## About this exercise
With both ends included, repeat exactly the lines of the entries below from the one containing "(* Number of MEV" down to the one containing "Definition n_user (y", and no others.

## Available data
(* Under the hypotheses of Theorem 1, and assuming moreover $W_u[0]>\tau/(1-\sigma f)$, with the user following $\pi_u$ and the adversary following $\pi_a$ in a game with unboundedly many epochs, the fraction of user MEV transactions that are front-run during epoch $e$, namely $$\frac{\lfloor \tilde W_a[e-1]/y\rfloor}{\lceil (\tilde W_u[e-1]-\tau)/y\rceil},$$ tends to $0$ as $e\to\infty$.
   Context: Token game (Masquerade model). Discrete rounds; a user and an adversary with initial wealths $W_u[0]$, $W_a[0]$; token cost $y>0$, MEV profit $\eta>0$, front-run fraction $f\in(0,1)$, user threshold $\tau>0$. Tokens cost $y$, have numbers increasing in purchase order, never expire, are single-use, and are refunded $y$ when used. Each round the user makes at most one tokenized MEV transaction with token $T_u$; it is front-run iff the adversary uses a token $T_a<T_u$; front-run: user earns $\eta-f\eta$, adversary $f\eta$; otherwise user earns $\eta$, adversary $0$. User policy $\pi_u$: each round buy one token if available wealth exceeds $y$; if available wealth $\le\tau$, make a tokenized MEV transaction with its lowest unused token. Adversary policy $\pi_a$: knows the user's tokens; each round buys $\lfloor (\text{available wealth})/y\rfloor$ tokens, purchases ordered before the user's; front-runs each user transaction with its largest unused token below $T_u$ if one exists. Epochs: the first ends when the user's available wealth drops below $\tau$; each later epoch ends once the user has used all tokens bought in the previous epoch and its available wealth drops below $\tau$. During epoch $e$ the user makes $\lceil (\tilde W_u[e-1]-\tau)/y\rceil$ MEV transactions and the adversary front-runs $\lfloor \tilde W_a[e-1]/y\rfloor$ of them. $\tilde W_a[e]$, $\tilde W_u[e]$: total wealth (available plus locked in tokens) at end of epoch $e$, with $\tilde W_a[0]=W_a[0]$, $\tilde W_u[0]=W_u[0]$. Theorem 1 hypotheses: $0<\sigma<1/2$, $\epsilon<\frac{yf+f^2\eta}{\eta(1-f)}$, $W_a[0]<\sigma W_u[0]$, $f<\frac{1-\sigma-\epsilon}{1+\sigma}$, $W_a[0]>\frac{y^2}{\eta\epsilon}$, $\tau<\epsilon W_u[0]$. *)

From Stdlib Require Import Reals.
Open Scope R_scope.

(* floor and ceiling on R. Int_part r = up r - 1 is the floor of r. *)
Definition Rfloor (x : R) : R := IZR (Int_part x).
Definition Rceil (x : R) : R := - Rfloor (- x).

(* Number of MEV transactions the user makes during an epoch that starts with
   user total wealth wu:  ceil ((wu - tau) / y). *)
Definition n_user (y tau wu : R) : R := Rceil ((wu - tau) / y).
(* Number of those that the adversary front-runs, given adversary total
   wealth wa at the start of the epoch:  floor (wa / y). *)
Definition n_adv (y wa : R) : R := Rfloor (wa / y).

(* Tokens are refunded when used, so total wealth only changes
   through MEV profits: each front-run gives the adversary f*eta and the user
   eta - f*eta; each non-front-run transaction gives the user eta. *)
Fixpoint wealth (y eta f tau Wu0 Wa0 : R) (e : nat) : R * R :=
  match e with
  | O => (Wu0, Wa0)
  | S e' =>
      let (wu, wa) := wealth y eta f tau Wu0 Wa0 e' in
      let nu := n_user y tau wu in
      let na := n_adv y wa in
      (wu + (nu - na) * eta + na * (eta - f * eta), wa + na * (f * eta))
  end.

Definition Wu_t (y eta f tau Wu0 Wa0 : R) (e : nat) : R :=
  fst (wealth y eta f tau Wu0 Wa0 e).
Definition Wa_t (y eta f tau Wu0 Wa0 : R) (e : nat) : R :=
  snd (wealth y eta f tau Wu0 Wa0 e).

Definition frontrun_fraction (y eta f tau Wu0 Wa0 : R) (e : nat) : R :=
  n_adv y (Wa_t y eta f tau Wu0 Wa0 (e - 1))
  / n_user y tau (Wu_t y eta f tau Wu0 Wa0 (e - 1)).

(* Write K = eta / y.  In one epoch the adversary spends at most its wealth
   wa on tokens, so its wealth grows at most by the factor a = 1 + f K.  The
   user makes at least (wu - tau)/y > (1 - eps) wu / y transactions and loses
   at most f K sigma wu to front-running, so its wealth grows at least by the
   factor b = 1 + K (1 - f sigma - eps).  Both estimates need the invariant
   wa <= sigma wu, which is preserved because f (1 + sigma) < 1 - sigma - eps.
   Hence W~_a[e] <= a^e W_a[0] and W~_u[e] >= b^e W_u[0], and the front-run
   fraction is at most C (a/b)^(e-1) with a < b, which tends to 0. *)
From Stdlib Require Import Reals Lra Lia Psatz.
Open Scope R_scope.

Lemma Rdiv_nonneg (p q : R) : 0 <= p -> 0 < q -> 0 <= p / q.
Proof. intros Hp Hq. apply Rmult_le_pos; [lra | apply Rlt_le, Rinv_0_lt_compat; lra]. Qed.

Lemma Rdiv_le_compat (p1 p2 q1 q2 : R) :
  0 <= p1 <= p2 -> 0 < q2 <= q1 -> p1 / q1 <= p2 / q2.
Proof.
  intros Hp Hq. unfold Rdiv.
  apply Rmult_le_compat; try lra.
  - left. apply Rinv_0_lt_compat. lra.
  - apply Rinv_le_contravar; lra.
Qed.

Lemma Rfloor_le (x : R) : Rfloor x <= x.
Proof. unfold Rfloor. destruct (base_Int_part x); lra. Qed.

Lemma Rfloor_gt (x : R) : x - 1 < Rfloor x.
Proof. unfold Rfloor. destruct (base_Int_part x); lra. Qed.

Lemma Rceil_ge (x : R) : x <= Rceil x.
Proof. unfold Rceil. pose proof (Rfloor_le (- x)). lra. Qed.

(* The floor of a nonnegative real is nonnegative (it is an integer > -1). *)
Lemma Rfloor_nonneg (x : R) : 0 <= x -> 0 <= Rfloor x.
Proof.
  intro Hx. pose proof (Rfloor_gt x) as Hgt. unfold Rfloor in *.
  assert (Hint : (-1 < Int_part x)%Z) by (apply lt_IZR; simpl; lra).
  apply IZR_le. lia.
Qed.

Lemma n_user_spend (y tau wu : R) : 0 < y -> wu - tau <= n_user y tau wu * y.
Proof.
  intro Hy. unfold n_user. pose proof (Rceil_ge ((wu - tau) / y)) as H.
  apply Rmult_le_compat_r with (r := y) in H; [|lra].
  replace ((wu - tau) / y * y) with (wu - tau) in H by (field; lra). lra.
Qed.

Lemma n_adv_spend (y wa : R) :
  0 < y -> 0 <= wa -> 0 <= n_adv y wa /\ n_adv y wa * y <= wa.
Proof.
  intros Hy Hwa. unfold n_adv. split.
  - apply Rfloor_nonneg, Rdiv_nonneg; lra.
  - pose proof (Rfloor_le (wa / y)) as H.
    apply Rmult_le_compat_r with (r := y) in H; [|lra].
    replace (wa / y * y) with wa in H by (field; lra). lra.
Qed.

Lemma Wu_t_S (y eta f tau Wu0 Wa0 : R) (e : nat) :
  let wu := Wu_t y eta f tau Wu0 Wa0 e in
  let wa := Wa_t y eta f tau Wu0 Wa0 e in
  Wu_t y eta f tau Wu0 Wa0 (S e) =
  wu + (n_user y tau wu - n_adv y wa) * eta + n_adv y wa * (eta - f * eta).
Proof. unfold Wu_t, Wa_t; simpl; destruct (wealth y eta f tau Wu0 Wa0 e); reflexivity. Qed.

Lemma Wa_t_S (y eta f tau Wu0 Wa0 : R) (e : nat) :
  let wa := Wa_t y eta f tau Wu0 Wa0 e in
  Wa_t y eta f tau Wu0 Wa0 (S e) = wa + n_adv y wa * (f * eta).
Proof. unfold Wu_t, Wa_t; simpl; destruct (wealth y eta f tau Wu0 Wa0 e); reflexivity. Qed.

Section Epoch.

Variables y eta f sigma eps tau : R.
Hypothesis Hy : 0 < y.
Hypothesis Heta : 0 < eta.
Hypothesis Hf : 0 < f < 1.
Hypothesis Hsigma : 0 < sigma.
(* The rate condition of Theorem 1, cleared of its denominator. *)
Hypothesis Hrate : f * (1 + sigma) < 1 - sigma - eps.

Let a : R := 1 + f * eta / y.
Let b : R := 1 + eta / y * (1 - f * sigma - eps).

Lemma growth_factors : 1 <= a < b.
Proof.
  assert (HK : 0 < eta / y) by (apply Rdiv_lt_0_compat; lra).
  unfold a, b. split; nra.
Qed.

Variables wu wa nu na : R.
Hypothesis Hwa : 0 <= wa <= sigma * wu.
Hypothesis Htau : tau < eps * wu.
Hypothesis Hnu : wu - tau <= nu * y.
Hypothesis Hna : 0 <= na.
Hypothesis Hspent : na * y <= wa.

Let wu' : R := wu + (nu - na) * eta + na * (eta - f * eta).
Let wa' : R := wa + na * (f * eta).

(* Spending expressed in wealth units: the epoch moves eta/y per unit spent. *)
Let K : R := eta / y.
Let wu'_spend : wu' = wu + K * (nu * y) - f * K * (na * y).
Proof. unfold wu', K. field. lra. Qed.
Let wa'_spend : wa' = wa + f * K * (na * y).
Proof. unfold wa', K. field. lra. Qed.
Let K_pos : 0 < K.
Proof. apply Rdiv_lt_0_compat; lra. Qed.
Let spent_nonneg : 0 <= na * y.
Proof. nra. Qed.

(* The adversary gains f K per unit spent and spends at most wa. *)
Lemma adv_epoch_growth : 0 <= wa' <= a * wa.
Proof.
  replace a with (1 + f * K) by (unfold a, K; field; lra).
  assert (HfK : 0 < f * K) by nra.
  rewrite wa'_spend. split; nra.
Qed.

(* The user gains K per unit of wealth spent on tokens, minus the front-run
   share f K per unit the adversary spends. *)
Lemma user_epoch_growth : b * wu <= wu'.
Proof.
  replace b with (1 + K * (1 - f * sigma - eps)) by (unfold b, K; field; lra).
  rewrite wu'_spend.
  assert (Hfront : f * (na * y) <= f * sigma * wu) by nra.
  assert (Hgain : (1 - f * sigma - eps) * wu <= nu * y - f * (na * y)) by nra.
  nra.
Qed.

(* The adversary's share of wealth stays below sigma: its gain f K A is
   dominated by sigma times the user's net gain, as f (1 + sigma) A is at
   most sigma (wu - tau), hence at most sigma times the user's spending. *)
Lemma ratio_epoch_invariant : wa' <= sigma * wu'.
Proof.
  rewrite wa'_spend, wu'_spend.
  assert (Hwu : 0 <= wu) by nra.
  assert (Hf1 : 0 <= f * (1 + sigma)) by nra.
  assert (Hadv : f * (1 + sigma) * (na * y) <= f * (1 + sigma) * (sigma * wu))
    by (apply Rmult_le_compat_l; lra).
  assert (Huser : f * (1 + sigma) * (sigma * wu) <= sigma * (wu - tau)) by nra.
  assert (Hfront : f * (1 + sigma) * (na * y) <= sigma * (nu * y)) by nra.
  assert (HKfront : K * (f * (1 + sigma) * (na * y)) <= K * (sigma * (nu * y))) by nra.
  nra.
Qed.

End Epoch.

Section Dynamics.

Variables y eta f sigma eps tau Wu0 Wa0 : R.
Hypothesis Hy : 0 < y.
Hypothesis Heta : 0 < eta.
Hypothesis Hf : 0 < f < 1.
Hypothesis Hsigma : 0 < sigma.
Hypothesis Heps : 0 < eps.
Hypothesis Hrate : f * (1 + sigma) < 1 - sigma - eps.
Hypothesis HWu0 : 0 < Wu0.
Hypothesis HWa0 : 0 <= Wa0 <= sigma * Wu0.
Hypothesis Htau : tau < eps * Wu0.

Let a : R := 1 + f * eta / y.
Let b : R := 1 + eta / y * (1 - f * sigma - eps).
Let Wu : nat -> R := Wu_t y eta f tau Wu0 Wa0.
Let Wa : nat -> R := Wa_t y eta f tau Wu0 Wa0.

(* A user wealth that has grown geometrically from W_u[0] stays above
   tau / eps, so every epoch sees at least (1 - eps) wu / y transactions. *)
Lemma tau_below_user_wealth (e : nat) (w : R) : b ^ e * Wu0 <= w -> tau < eps * w.
Proof.
  intro Hw.
  destruct (growth_factors y eta f sigma eps Hy Heta Hf Hsigma Hrate) as [Ha Hab].
  fold a b in Ha, Hab.
  assert (Hbe : 1 <= b ^ e) by (apply pow_R1_Rle; lra).
  assert (Hgrow : Wu0 <= b ^ e * Wu0)
    by (rewrite <- (Rmult_1_l Wu0) at 1; apply Rmult_le_compat_r; lra).
  assert (Hmono : eps * Wu0 <= eps * w) by (apply Rmult_le_compat_l; lra).
  lra.
Qed.

Lemma wealth_invariant (e : nat) :
  0 <= Wa e <= sigma * Wu e /\ Wa e <= a ^ e * Wa0 /\ b ^ e * Wu0 <= Wu e.
Proof.
  destruct (growth_factors y eta f sigma eps Hy Heta Hf Hsigma Hrate) as [Ha Hab].
  fold a b in Ha, Hab.
  induction e as [|e IH].
  - unfold Wa, Wu, Wa_t, Wu_t; simpl. lra.
  - destruct IH as [Hshare [Hadv Huser]].
    pose proof (tau_below_user_wealth e (Wu e) Huser) as Htau_e.
    pose proof (n_user_spend y tau (Wu e) Hy) as Hnu.
    destruct (n_adv_spend y (Wa e) Hy (proj1 Hshare)) as [Hna Hspent].
    pose proof (adv_epoch_growth y eta f sigma Hy Heta Hf
                  (Wu e) (Wa e) (n_adv y (Wa e)) Hshare Hna Hspent) as Gadv.
    pose proof (user_epoch_growth y eta f sigma eps tau Hy Heta Hf
                  (Wu e) (Wa e) (n_user y tau (Wu e)) (n_adv y (Wa e))
                  Hshare Htau_e Hnu Hspent) as Guser.
    pose proof (ratio_epoch_invariant y eta f sigma eps tau Hy Heta Hf Hsigma Hrate
                  (Wu e) (Wa e) (n_user y tau (Wu e)) (n_adv y (Wa e))
                  Hshare Htau_e Hnu Hna Hspent) as Gshare.
    fold a in Gadv. fold b in Guser.
    assert (Hadv' : a * Wa e <= a * (a ^ e * Wa0)) by (apply Rmult_le_compat_l; lra).
    assert (Huser' : b * (b ^ e * Wu0) <= b * Wu e) by (apply Rmult_le_compat_l; lra).
    unfold Wu, Wa in *. rewrite Wu_t_S, Wa_t_S. simpl.
    repeat split; lra.
Qed.

Lemma frontrun_fraction_bound (e : nat) :
  0 <= frontrun_fraction y eta f tau Wu0 Wa0 e
    <= Wa0 / (Wu0 * (1 - eps)) * (a / b) ^ (e - 1).
Proof.
  destruct (growth_factors y eta f sigma eps Hy Heta Hf Hsigma Hrate) as [Ha Hab].
  fold a b in Ha, Hab.
  unfold frontrun_fraction. fold Wu Wa. set (k := (e - 1)%nat).
  destruct (wealth_invariant k) as [Hshare [Hadv Huser]].
  destruct (n_adv_spend y (Wa k) Hy (proj1 Hshare)) as [Hna Hspent].
  pose proof (n_user_spend y tau (Wu k) Hy) as Hnu.
  assert (Hbk : 1 <= b ^ k) by (apply pow_R1_Rle; lra).
  assert (Hak : 0 < a ^ k) by (apply pow_lt; lra).
  assert (Heps1 : eps < 1) by nra.
  pose proof (tau_below_user_wealth k (Wu k) Huser) as Htau_k.
  assert (Hna_le : n_adv y (Wa k) <= a ^ k * Wa0 / y).
  { apply Rmult_le_reg_r with y; [lra|].
    replace (a ^ k * Wa0 / y * y) with (a ^ k * Wa0) by (field; lra). lra. }
  assert (Hnu_ge : (1 - eps) * (b ^ k * Wu0) / y <= n_user y tau (Wu k)).
  { apply Rmult_le_reg_r with y; [lra|].
    replace ((1 - eps) * (b ^ k * Wu0) / y * y) with ((1 - eps) * (b ^ k * Wu0))
      by (field; lra).
    assert (Hmono : (1 - eps) * (b ^ k * Wu0) <= (1 - eps) * Wu k)
      by (apply Rmult_le_compat_l; lra).
    lra. }
  assert (Hq : 0 < (1 - eps) * (b ^ k * Wu0) / y)
    by (apply Rdiv_lt_0_compat; [apply Rmult_lt_0_compat; nra | lra]).
  replace (Wa0 / (Wu0 * (1 - eps)) * (a / b) ^ k)
    with ((a ^ k * Wa0 / y) / ((1 - eps) * (b ^ k * Wu0) / y))
    by (unfold Rdiv; rewrite Rpow_mult_distr, pow_inv; field;
        repeat split; try lra; apply pow_nonzero; lra).
  split.
  - apply Rdiv_nonneg; lra.
  - apply Rdiv_le_compat; lra.
Qed.

End Dynamics.

Lemma Un_cv_geometric_bound (u : nat -> R) (C r : R) :
  0 < C -> 0 <= r < 1 ->
  (forall n, 0 <= u n <= C * r ^ (n - 1)) -> Un_cv u 0.
Proof.
  intros HC Hr Hu ep Hep.
  assert (Hr_abs : Rabs r < 1) by (rewrite Rabs_right; lra).
  destruct (pow_lt_1_zero r Hr_abs (ep / C)) as [N HN];
    [apply Rdiv_lt_0_compat; lra|].
  exists (S N). intros n Hn. unfold R_dist. rewrite Rminus_0_r.
  destruct (Hu n) as [Hu0 Hu1].
  assert (Hsmall : Rabs (r ^ (n - 1)) < ep / C) by (apply HN; lia).
  rewrite Rabs_right in Hsmall by (apply Rle_ge, pow_le; lra).
  apply Rmult_lt_compat_l with (r := C) in Hsmall; [|lra].
  replace (C * (ep / C)) with ep in Hsmall by (field; lra).
  rewrite Rabs_right; lra.
Qed.

Theorem theorem2 (y eta f tau Wu0 Wa0 sigma eps : R) :
  0 < y -> 0 < eta -> 0 < f < 1 -> 0 < tau ->
  0 < sigma < 1 / 2 ->
  eps < (y * f + f ^ 2 * eta) / (eta * (1 - f)) ->
  Wa0 < sigma * Wu0 ->
  f < (1 - sigma - eps) / (1 + sigma) ->
  Wa0 > y ^ 2 / (eta * eps) ->
  tau < eps * Wu0 ->
  Wu0 > tau / (1 - sigma * f) ->
  Un_cv (frontrun_fraction y eta f tau Wu0 Wa0) 0.
Proof.
  intros Hy Heta Hf Htau Hsigma _ HWa0_share Hf_rate HWa0_big HWu0_tau HWu0_big.
  assert (HWu0 : 0 < Wu0).
  { assert (0 < tau / (1 - sigma * f)) by (apply Rdiv_lt_0_compat; nra). lra. }
  assert (Heps : 0 < eps) by nra.
  assert (HWa0 : 0 < Wa0).
  { assert (0 < y ^ 2 / (eta * eps)) by (apply Rdiv_lt_0_compat; nra). lra. }
  assert (Hrate : f * (1 + sigma) < 1 - sigma - eps).
  { apply Rmult_lt_compat_r with (r := 1 + sigma) in Hf_rate; [|lra].
    replace ((1 - sigma - eps) / (1 + sigma) * (1 + sigma)) with (1 - sigma - eps)
      in Hf_rate by (field; lra). lra. }
  destruct (growth_factors y eta f sigma eps Hy Heta Hf (proj1 Hsigma) Hrate) as [Ha Hab].
  apply Un_cv_geometric_bound
    with (C := Wa0 / (Wu0 * (1 - eps)))
         (r := (1 + f * eta / y) / (1 + eta / y * (1 - f * sigma - eps))).
  - apply Rdiv_lt_0_compat; nra.
  - split; [apply Rdiv_nonneg; lra|].
    apply Rmult_lt_reg_r with (1 + eta / y * (1 - f * sigma - eps)); [lra|].
    unfold Rdiv at 1. rewrite Rmult_assoc, Rinv_l by lra. lra.
  - apply frontrun_fraction_bound with (sigma := sigma); lra.
Qed.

## Exercise answer
(* Number of MEV transactions the user makes during an epoch that starts with
   user total wealth wu:  ceil ((wu - tau) / y). *)
Definition n_user (y tau wu : R) : R := Rceil ((wu - tau) / y).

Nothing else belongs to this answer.